Data loading is the first experience data engineers go through when onboarding SQL analytics workloads using Azure Synapse. We recently released the COPY statement to ensure this experience is simple, flexible and fast.
It’s recommended to load multiple files at once for parallel processing and maximizing bulk loading performance with SQL pools using the COPY statement. File-splitting guidance is outlined in the following documentation and this blog covers how to easily split CSV files residing in your data lake using Azure Data Factory Mapping data flows within your data pipeline.
This example is for a SQL pool configured at a DW6000c which means we should have 720 file splits for optimal load performance. We will be generating 720 file splits out of 60 files. This assumes you have CSV files to split in your data lake and a data factory to create your data pipeline.

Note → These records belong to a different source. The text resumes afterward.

Lemma stack_perm_powers_inj (g : G) (B : nat) :
  (forall i, 0 < i -> i <= B -> ~ N (gpow g i)) ->
  injective (fun i : 'I_B.+1 => stack_perm (gpow g i)).
Proof.
move=> avoid.
have neq i j : i < j -> j <= B -> stack_perm (gpow g i) <> stack_perm (gpow g j).
  move=> lt_ij le_jB; rewrite -(subnKC (ltnW lt_ij)) gpow_add stack_permM => eq_ij.
  apply: (avoid (j - i)); [by rewrite subn_gt0 | exact: leq_trans (leq_subr _ _) le_jB |].
  by apply: stack_perm_ker; apply: (mulgI (stack_perm (gpow g i))); rewrite mulg1 -eq_ij.
move=> i j /= eq_ij; apply: val_inj => /=.
case: (ltngtP i j) => [lt_ij | lt_ji | //].
  by case: (neq i j lt_ij _ eq_ij); rewrite -ltnS.
by case: (neq j i lt_ji _ (esym eq_ij)); rewrite -ltnS.
Qed.

Lemma fixed_powers_stabilise (g : G) (B : nat) : phi g = g ->
  (forall i, 0 < i -> i <= B -> ~ N (gpow g i)) -> B.+1 <= #|('C_Q[1 | twisted_action])%g|.
Proof.
move=> fix_g avoid.
rewrite -[B.+1]card_ord -cardsT -(card_imset _ (stack_perm_powers_inj _ _ avoid)).
apply: subset_leq_card; apply/subsetP => _ /imsetP [i _ ->].
have Q_gi : classical_bool (exists x, stack_perm x = stack_perm (gpow g i)).
  by apply/classical_boolP; exists (gpow g i).
rewrite !inE Q_gi sub1set inE /= /twisted_act.
by rewrite quot_phiE (hom_pow phi_end) fix_g mulg1 mulVg.
Qed.
End Quotient.
End Periodicity.
End CosetPermutations.

(** An automorphism-like [φ] (surjective endomorphism) of a finitely generated,
    torsion-free, residually finite group with finitely many twisted classes
    has no nontrivial fixed point.  Otherwise pick [B] bounding Egyptian
    decompositions of [1] with at most [R(φ)] terms, a finite quotient in which
    [g, ..., gᴮ] survive, and the [φ]-invariant refinement [Q]: its twisted
    action has at most [R(φ)] orbits but the stabiliser of [1] has more than
    [B] elements, contradicting [stabiliser_bound]. *)
Arguments twisted_action_acts {G N N_normal l l_transversal phi phi_end p}.
Arguments twisted_orbits_card {G N N_normal l l_transversal phi phi_end p} p_gt0 period {L}.
Arguments fixed_powers_stabilise {G N N_normal l l_transversal phi phi_end p} p_gt0 period {g B}.

Lemma fixed_point_trivial (G : Defs.group) : finitely_generated G -> torsion_free G ->
  residually_finite G -> forall phi : G -> G, endomorphism phi -> (forall y, exists x, phi x = y) ->
  forall L : list G, (forall x, exists u, In u L /\ twisted phi u x) ->
  forall g, phi g = g -> g = gone.
Proof.
move=> [S S_gen] G_tf G_rf phi phi_end phi_surj L L_cover g fix_g.
apply: NNPP => g_neq1.
have [B bound] := egyptian_bound_exists (length L) 1.
have [N [N_normal [N_index avoid]]] := residually_finite_powers g G_tf G_rf g_neq1 B.
have [l l_reps] := coset_class_reps N N_normal N_index.
have [p [p_gt0 period]] := coset_perm_period G N N_normal l l_reps S S_gen phi phi_end phi_surj.
have avoid' i : 0 < i -> i <= B -> ~ N (gpow g i).
  by move=> /ssrnat.ltP i_gt0 /ssrnat.leP le_iB; apply: avoid.
have := stabiliser_bound bound (twisted_action_acts p_gt0 period) (erefl _)
  (twisted_orbits_card p_gt0 period L_cover) 1%g (group1 _).
by move=> /(_ phi_end); rewrite leqNgt (fixed_powers_stabilise p_gt0 period fix_g avoid').
Qed.
End FixedPoints.

(** * The spectrum of [G × F] *)

(** In a finitely generated, torsion-free, residually finite group, an
    automorphism with finitely many twisted classes has trivial twisted
    stabilisers: [g ⋅ x ⋅ φ(g)⁻¹ = x] makes [g] a fixed point of the shifted
    automorphism [shift φ x], which has as many twisted classes as [φ]. *)
Lemma twisted_stabiliser_trivial (G : group) :
  finitely_generated G -> torsion_free G -> residually_finite G ->
  forall phi : G -> G, automorphism phi -> (exists n, n_classes phi n) ->
  forall x g, g ⋅ x ⋅ ginv (phi g) = x -> g = gone.
Proof.
  intros G_fg G_tf G_rf phi [phi_end [_ phi_surj]] [n Hn] x g E.
  destruct (n_classes_cover phi_end n Hn) as [L L_cover].
  apply (FixedPoints.fixed_point_trivial G G_fg G_tf G_rf (shift phi x)
    (shift_end phi x phi_end) (shift_surj phi x phi_surj) _ (shift_cover phi x L L_cover)).
  apply shift_fixed, E.
Qed.
(* p_xi(a) = E[a xi] (finite under the moment assumption) *)
Definition p_xi (Theta : set (probability R R)) (a : R) : R :=
  fine (sublin Theta (fun x => a * x)).

Definition Theta_of (Theta : set (probability R R)) (phi : R -> R) : set (probability R R) :=
  [set mu | Theta mu /\ (\int[mu]_x (phi x)%:E)%E = sublin Theta phi].

Definition Cb1alpha (alpha : R) (phi : R -> R) : Prop :=
  (exists M : R, forall x, `|phi x| <= M) /\
  (forall x, derivable phi x 1) /\
  continuous (derive1 phi) /\
  (exists M : R, forall x, `|(derive1 phi) x| <= M) /\
  (exists C : R, forall x y, `|(derive1 phi) x - (derive1 phi) y| <= C * `|x - y| `^ alpha).

Definition holder_semi (alpha : R) (g : R -> R) : \bar R :=
  ereal_sup [set r | exists x y : R, x != y /\ r = (`|g x - g y| / `|x - y| `^ alpha)%:E].
End defs.

(* Write m(nu) for the mean of nu, so that p_xi(a) = sup_{nu in Theta} a m(nu).
   Fix x and a = phi'(x).  The Hoelder bound on phi' gives the Taylor estimate
   |phi(y) - phi(x) - a (y - x)| <= 2 [phi']_alpha (|x|^(1+alpha) + |y|^(1+alpha)).
   Integrating it against any nu in Theta, and using E_nu[phi] <= E_mu[phi] since
   mu is in Theta_phi, bounds p_xi(a) from above; integrating it against mu bounds
   a m(mu) <= p_xi(a) from below.  Hence the Stein deviation
   x phi'(x) - p_xi(phi'(x)) - (phi(x) - E_mu[phi]) is bounded pointwise by
   2 [phi']_alpha (|x|^(1+alpha) + E[|xi|^(1+alpha)]), and integrating against mu,
   where phi - E_mu[phi] has mean zero, yields the constant 4. *)

From HB Require Import structures.
From mathcomp Require Import all_boot all_order all_algebra.
From mathcomp Require Import all_classical all_reals all_analysis.
From mathcomp Require Import ring lra measurable_realfun.
Import Order.TTheory GRing.Theory Num.Theory.
Import numFieldNormedType.Exports.
Local Open Scope classical_set_scope.
Local Open Scope ring_scope.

1. Navigate to your Azure Data Factory and add a data flow
2. Fill out the data flow source where your file(s) are stored
In this example, the container is “staging” where a wildcard is specified for the 60 text files in the 1TBLineitem60SplitsSingleStringDelimited folder.
3. Add a destination sink to your source where you will be storing your file splits and specify the number of partitions (these are your file splits)
4. Add your data flow to a pipeline, configure your compute for your data flow, and manually trigger your pipeline
Using “Trigger now” to start the split process will use the specified compute for your data flow. Note using “Debug” will automatically use your debug cluster which by default is an eight-core general compute cluster.
5. You can monitor your pipeline and data flow by going to the “Monitor” tab
This process works for compressed files as well where you only need to specify the compression type in the sink and source dataset.
You can then orchestrate your pipeline on a schedule to split files as they land in your sink and add the COPY activity with the COPY command to your pipeline to load into your SQL pool. For additional data loading best practices, refer to the following documentation.